WORK TASK »
The output must be the data, printed exactly as written.

(Saved entries)
[Start of Attachment]
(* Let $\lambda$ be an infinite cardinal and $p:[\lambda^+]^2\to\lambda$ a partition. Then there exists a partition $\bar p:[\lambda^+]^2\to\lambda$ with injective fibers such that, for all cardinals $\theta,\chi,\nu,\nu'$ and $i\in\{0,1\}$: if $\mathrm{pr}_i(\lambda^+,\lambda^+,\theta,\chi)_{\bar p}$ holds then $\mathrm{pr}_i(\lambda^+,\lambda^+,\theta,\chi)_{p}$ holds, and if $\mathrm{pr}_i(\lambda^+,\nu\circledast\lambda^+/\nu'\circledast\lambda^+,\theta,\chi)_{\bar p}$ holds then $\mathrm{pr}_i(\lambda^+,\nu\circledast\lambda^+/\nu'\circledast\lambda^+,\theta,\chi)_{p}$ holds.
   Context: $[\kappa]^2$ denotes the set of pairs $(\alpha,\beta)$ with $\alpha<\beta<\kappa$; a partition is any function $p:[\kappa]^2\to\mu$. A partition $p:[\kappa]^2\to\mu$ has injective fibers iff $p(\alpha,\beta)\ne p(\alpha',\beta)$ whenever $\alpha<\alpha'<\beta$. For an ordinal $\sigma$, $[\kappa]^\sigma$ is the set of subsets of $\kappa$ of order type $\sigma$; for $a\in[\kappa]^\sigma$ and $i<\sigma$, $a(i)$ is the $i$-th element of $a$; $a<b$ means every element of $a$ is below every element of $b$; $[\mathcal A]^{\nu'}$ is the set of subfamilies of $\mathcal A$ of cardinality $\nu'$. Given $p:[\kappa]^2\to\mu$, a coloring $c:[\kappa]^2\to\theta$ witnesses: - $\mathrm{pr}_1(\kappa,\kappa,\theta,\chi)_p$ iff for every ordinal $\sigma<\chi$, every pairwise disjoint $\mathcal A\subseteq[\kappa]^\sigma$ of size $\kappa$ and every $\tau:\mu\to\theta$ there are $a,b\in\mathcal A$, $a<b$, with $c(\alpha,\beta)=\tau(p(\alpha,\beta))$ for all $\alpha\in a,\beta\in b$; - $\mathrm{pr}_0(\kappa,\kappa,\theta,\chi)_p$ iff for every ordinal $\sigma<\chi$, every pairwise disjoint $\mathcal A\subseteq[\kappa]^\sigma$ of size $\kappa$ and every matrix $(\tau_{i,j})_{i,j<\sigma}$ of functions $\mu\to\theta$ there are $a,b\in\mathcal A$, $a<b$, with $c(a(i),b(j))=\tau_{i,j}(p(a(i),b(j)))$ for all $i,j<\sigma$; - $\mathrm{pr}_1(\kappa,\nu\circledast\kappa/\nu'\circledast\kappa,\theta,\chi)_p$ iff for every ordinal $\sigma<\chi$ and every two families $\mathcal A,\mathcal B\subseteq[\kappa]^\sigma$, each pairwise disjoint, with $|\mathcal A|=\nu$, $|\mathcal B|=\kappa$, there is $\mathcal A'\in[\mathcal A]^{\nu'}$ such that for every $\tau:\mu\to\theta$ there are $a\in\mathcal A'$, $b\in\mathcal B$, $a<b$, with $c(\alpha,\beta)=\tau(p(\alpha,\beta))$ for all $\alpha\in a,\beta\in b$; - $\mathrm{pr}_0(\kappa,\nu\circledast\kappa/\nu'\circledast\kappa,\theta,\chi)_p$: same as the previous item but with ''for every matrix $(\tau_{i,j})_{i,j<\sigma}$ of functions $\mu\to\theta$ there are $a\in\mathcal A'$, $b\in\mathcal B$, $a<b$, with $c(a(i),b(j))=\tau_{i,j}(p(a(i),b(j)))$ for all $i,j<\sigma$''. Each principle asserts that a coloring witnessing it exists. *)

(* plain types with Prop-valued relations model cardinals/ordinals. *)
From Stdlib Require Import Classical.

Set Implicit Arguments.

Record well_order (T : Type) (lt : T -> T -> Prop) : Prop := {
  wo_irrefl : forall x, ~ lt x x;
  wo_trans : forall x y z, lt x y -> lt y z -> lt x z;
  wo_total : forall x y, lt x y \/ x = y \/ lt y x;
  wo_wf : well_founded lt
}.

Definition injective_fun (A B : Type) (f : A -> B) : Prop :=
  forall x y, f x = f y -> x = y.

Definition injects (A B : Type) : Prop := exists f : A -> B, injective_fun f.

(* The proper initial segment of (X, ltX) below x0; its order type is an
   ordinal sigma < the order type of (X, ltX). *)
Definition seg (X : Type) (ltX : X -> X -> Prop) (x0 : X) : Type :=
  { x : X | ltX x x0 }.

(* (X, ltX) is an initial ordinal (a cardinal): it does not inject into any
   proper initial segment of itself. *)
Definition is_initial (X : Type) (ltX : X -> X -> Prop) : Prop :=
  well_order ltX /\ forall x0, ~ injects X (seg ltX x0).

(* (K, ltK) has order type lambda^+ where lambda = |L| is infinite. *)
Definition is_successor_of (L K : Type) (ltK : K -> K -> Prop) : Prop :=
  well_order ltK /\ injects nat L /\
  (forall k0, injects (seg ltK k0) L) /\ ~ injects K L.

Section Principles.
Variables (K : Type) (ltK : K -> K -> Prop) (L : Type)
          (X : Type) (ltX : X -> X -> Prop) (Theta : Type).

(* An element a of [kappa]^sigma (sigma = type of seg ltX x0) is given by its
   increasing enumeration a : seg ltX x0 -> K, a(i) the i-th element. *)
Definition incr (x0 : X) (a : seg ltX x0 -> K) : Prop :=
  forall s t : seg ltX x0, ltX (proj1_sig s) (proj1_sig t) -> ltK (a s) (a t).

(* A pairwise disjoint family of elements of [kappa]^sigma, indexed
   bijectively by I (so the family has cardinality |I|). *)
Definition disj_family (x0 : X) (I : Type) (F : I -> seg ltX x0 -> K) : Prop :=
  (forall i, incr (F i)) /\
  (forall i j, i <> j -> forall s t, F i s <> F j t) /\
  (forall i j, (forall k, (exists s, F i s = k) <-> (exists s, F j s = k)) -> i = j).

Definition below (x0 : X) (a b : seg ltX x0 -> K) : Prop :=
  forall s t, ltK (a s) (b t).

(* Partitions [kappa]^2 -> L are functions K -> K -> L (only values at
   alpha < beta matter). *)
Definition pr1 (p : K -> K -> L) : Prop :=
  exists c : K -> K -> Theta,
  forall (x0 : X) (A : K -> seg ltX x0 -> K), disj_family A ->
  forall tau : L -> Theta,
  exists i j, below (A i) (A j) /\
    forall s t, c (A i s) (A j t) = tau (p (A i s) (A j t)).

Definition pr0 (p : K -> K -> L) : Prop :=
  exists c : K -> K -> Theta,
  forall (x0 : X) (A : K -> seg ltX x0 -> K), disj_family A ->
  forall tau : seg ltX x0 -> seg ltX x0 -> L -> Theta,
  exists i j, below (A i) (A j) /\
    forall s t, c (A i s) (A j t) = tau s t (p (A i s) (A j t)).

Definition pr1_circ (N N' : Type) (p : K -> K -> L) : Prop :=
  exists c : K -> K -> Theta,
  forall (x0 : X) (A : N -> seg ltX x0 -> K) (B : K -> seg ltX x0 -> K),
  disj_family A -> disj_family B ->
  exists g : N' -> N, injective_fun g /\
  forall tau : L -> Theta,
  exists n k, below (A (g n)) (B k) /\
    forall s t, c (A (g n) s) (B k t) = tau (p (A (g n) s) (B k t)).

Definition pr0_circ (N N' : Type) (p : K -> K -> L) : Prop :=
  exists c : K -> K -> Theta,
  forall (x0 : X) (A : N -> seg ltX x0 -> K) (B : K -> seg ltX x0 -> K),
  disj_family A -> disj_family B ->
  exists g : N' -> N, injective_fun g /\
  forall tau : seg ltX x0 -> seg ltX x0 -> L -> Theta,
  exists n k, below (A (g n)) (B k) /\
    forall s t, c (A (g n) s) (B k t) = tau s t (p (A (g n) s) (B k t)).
[End of Attachment]
ANSWER BOX »
(* Let $\lambda$ be an infinite cardinal and $p:[\lambda^+]^2\to\lambda$ a partition. Then there exists a partition $\bar p:[\lambda^+]^2\to\lambda$ with injective fibers such that, for all cardinals $\theta,\chi,\nu,\nu'$ and $i\in\{0,1\}$: if $\mathrm{pr}_i(\lambda^+,\lambda^+,\theta,\chi)_{\bar p}$ holds then $\mathrm{pr}_i(\lambda^+,\lambda^+,\theta,\chi)_{p}$ holds, and if $\mathrm{pr}_i(\lambda^+,\nu\circledast\lambda^+/\nu'\circledast\lambda^+,\theta,\chi)_{\bar p}$ holds then $\mathrm{pr}_i(\lambda^+,\nu\circledast\lambda^+/\nu'\circledast\lambda^+,\theta,\chi)_{p}$ holds.
   Context: $[\kappa]^2$ denotes the set of pairs $(\alpha,\beta)$ with $\alpha<\beta<\kappa$; a partition is any function $p:[\kappa]^2\to\mu$. A partition $p:[\kappa]^2\to\mu$ has injective fibers iff $p(\alpha,\beta)\ne p(\alpha',\beta)$ whenever $\alpha<\alpha'<\beta$. For an ordinal $\sigma$, $[\kappa]^\sigma$ is the set of subsets of $\kappa$ of order type $\sigma$; for $a\in[\kappa]^\sigma$ and $i<\sigma$, $a(i)$ is the $i$-th element of $a$; $a<b$ means every element of $a$ is below every element of $b$; $[\mathcal A]^{\nu'}$ is the set of subfamilies of $\mathcal A$ of cardinality $\nu'$. Given $p:[\kappa]^2\to\mu$, a coloring $c:[\kappa]^2\to\theta$ witnesses: - $\mathrm{pr}_1(\kappa,\kappa,\theta,\chi)_p$ iff for every ordinal $\sigma<\chi$, every pairwise disjoint $\mathcal A\subseteq[\kappa]^\sigma$ of size $\kappa$ and every $\tau:\mu\to\theta$ there are $a,b\in\mathcal A$, $a<b$, with $c(\alpha,\beta)=\tau(p(\alpha,\beta))$ for all $\alpha\in a,\beta\in b$; - $\mathrm{pr}_0(\kappa,\kappa,\theta,\chi)_p$ iff for every ordinal $\sigma<\chi$, every pairwise disjoint $\mathcal A\subseteq[\kappa]^\sigma$ of size $\kappa$ and every matrix $(\tau_{i,j})_{i,j<\sigma}$ of functions $\mu\to\theta$ there are $a,b\in\mathcal A$, $a<b$, with $c(a(i),b(j))=\tau_{i,j}(p(a(i),b(j)))$ for all $i,j<\sigma$; - $\mathrm{pr}_1(\kappa,\nu\circledast\kappa/\nu'\circledast\kappa,\theta,\chi)_p$ iff for every ordinal $\sigma<\chi$ and every two families $\mathcal A,\mathcal B\subseteq[\kappa]^\sigma$, each pairwise disjoint, with $|\mathcal A|=\nu$, $|\mathcal B|=\kappa$, there is $\mathcal A'\in[\mathcal A]^{\nu'}$ such that for every $\tau:\mu\to\theta$ there are $a\in\mathcal A'$, $b\in\mathcal B$, $a<b$, with $c(\alpha,\beta)=\tau(p(\alpha,\beta))$ for all $\alpha\in a,\beta\in b$; - $\mathrm{pr}_0(\kappa,\nu\circledast\kappa/\nu'\circledast\kappa,\theta,\chi)_p$: same as the previous item but with ''for every matrix $(\tau_{i,j})_{i,j<\sigma}$ of functions $\mu\to\theta$ there are $a\in\mathcal A'$, $b\in\mathcal B$, $a<b$, with $c(a(i),b(j))=\tau_{i,j}(p(a(i),b(j)))$ for all $i,j<\sigma$''. Each principle asserts that a coloring witnessing it exists. *)

(* plain types with Prop-valued relations model cardinals/ordinals. *)
From Stdlib Require Import Classical.

Set Implicit Arguments.

Record well_order (T : Type) (lt : T -> T -> Prop) : Prop := {
  wo_irrefl : forall x, ~ lt x x;
  wo_trans : forall x y z, lt x y -> lt y z -> lt x z;
  wo_total : forall x y, lt x y \/ x = y \/ lt y x;
  wo_wf : well_founded lt
}.

Definition injective_fun (A B : Type) (f : A -> B) : Prop :=
  forall x y, f x = f y -> x = y.

Definition injects (A B : Type) : Prop := exists f : A -> B, injective_fun f.

(* The proper initial segment of (X, ltX) below x0; its order type is an
   ordinal sigma < the order type of (X, ltX). *)
Definition seg (X : Type) (ltX : X -> X -> Prop) (x0 : X) : Type :=
  { x : X | ltX x x0 }.

(* (X, ltX) is an initial ordinal (a cardinal): it does not inject into any
   proper initial segment of itself. *)
Definition is_initial (X : Type) (ltX : X -> X -> Prop) : Prop :=
  well_order ltX /\ forall x0, ~ injects X (seg ltX x0).

(* (K, ltK) has order type lambda^+ where lambda = |L| is infinite. *)
Definition is_successor_of (L K : Type) (ltK : K -> K -> Prop) : Prop :=
  well_order ltK /\ injects nat L /\
  (forall k0, injects (seg ltK k0) L) /\ ~ injects K L.

Section Principles.
Variables (K : Type) (ltK : K -> K -> Prop) (L : Type)
          (X : Type) (ltX : X -> X -> Prop) (Theta : Type).

(* An element a of [kappa]^sigma (sigma = type of seg ltX x0) is given by its
   increasing enumeration a : seg ltX x0 -> K, a(i) the i-th element. *)
Definition incr (x0 : X) (a : seg ltX x0 -> K) : Prop :=
  forall s t : seg ltX x0, ltX (proj1_sig s) (proj1_sig t) -> ltK (a s) (a t).

(* A pairwise disjoint family of elements of [kappa]^sigma, indexed
   bijectively by I (so the family has cardinality |I|). *)
Definition disj_family (x0 : X) (I : Type) (F : I -> seg ltX x0 -> K) : Prop :=
  (forall i, incr (F i)) /\
  (forall i j, i <> j -> forall s t, F i s <> F j t) /\
  (forall i j, (forall k, (exists s, F i s = k) <-> (exists s, F j s = k)) -> i = j).

Definition below (x0 : X) (a b : seg ltX x0 -> K) : Prop :=
  forall s t, ltK (a s) (b t).

(* Partitions [kappa]^2 -> L are functions K -> K -> L (only values at
   alpha < beta matter). *)
Definition pr1 (p : K -> K -> L) : Prop :=
  exists c : K -> K -> Theta,
  forall (x0 : X) (A : K -> seg ltX x0 -> K), disj_family A ->
  forall tau : L -> Theta,
  exists i j, below (A i) (A j) /\
    forall s t, c (A i s) (A j t) = tau (p (A i s) (A j t)).

Definition pr0 (p : K -> K -> L) : Prop :=
  exists c : K -> K -> Theta,
  forall (x0 : X) (A : K -> seg ltX x0 -> K), disj_family A ->
  forall tau : seg ltX x0 -> seg ltX x0 -> L -> Theta,
  exists i j, below (A i) (A j) /\
    forall s t, c (A i s) (A j t) = tau s t (p (A i s) (A j t)).

Definition pr1_circ (N N' : Type) (p : K -> K -> L) : Prop :=
  exists c : K -> K -> Theta,
  forall (x0 : X) (A : N -> seg ltX x0 -> K) (B : K -> seg ltX x0 -> K),
  disj_family A -> disj_family B ->
  exists g : N' -> N, injective_fun g /\
  forall tau : L -> Theta,
  exists n k, below (A (g n)) (B k) /\
    forall s t, c (A (g n) s) (B k t) = tau (p (A (g n) s) (B k t)).

Definition pr0_circ (N N' : Type) (p : K -> K -> L) : Prop :=
  exists c : K -> K -> Theta,
  forall (x0 : X) (A : N -> seg ltX x0 -> K) (B : K -> seg ltX x0 -> K),
  disj_family A -> disj_family B ->
  exists g : N' -> N, injective_fun g /\
  forall tau : seg ltX x0 -> seg ltX x0 -> L -> Theta,
  exists n k, below (A (g n)) (B k) /\
    forall s t, c (A (g n) s) (B k t) = tau s t (p (A (g n) s) (B k t)).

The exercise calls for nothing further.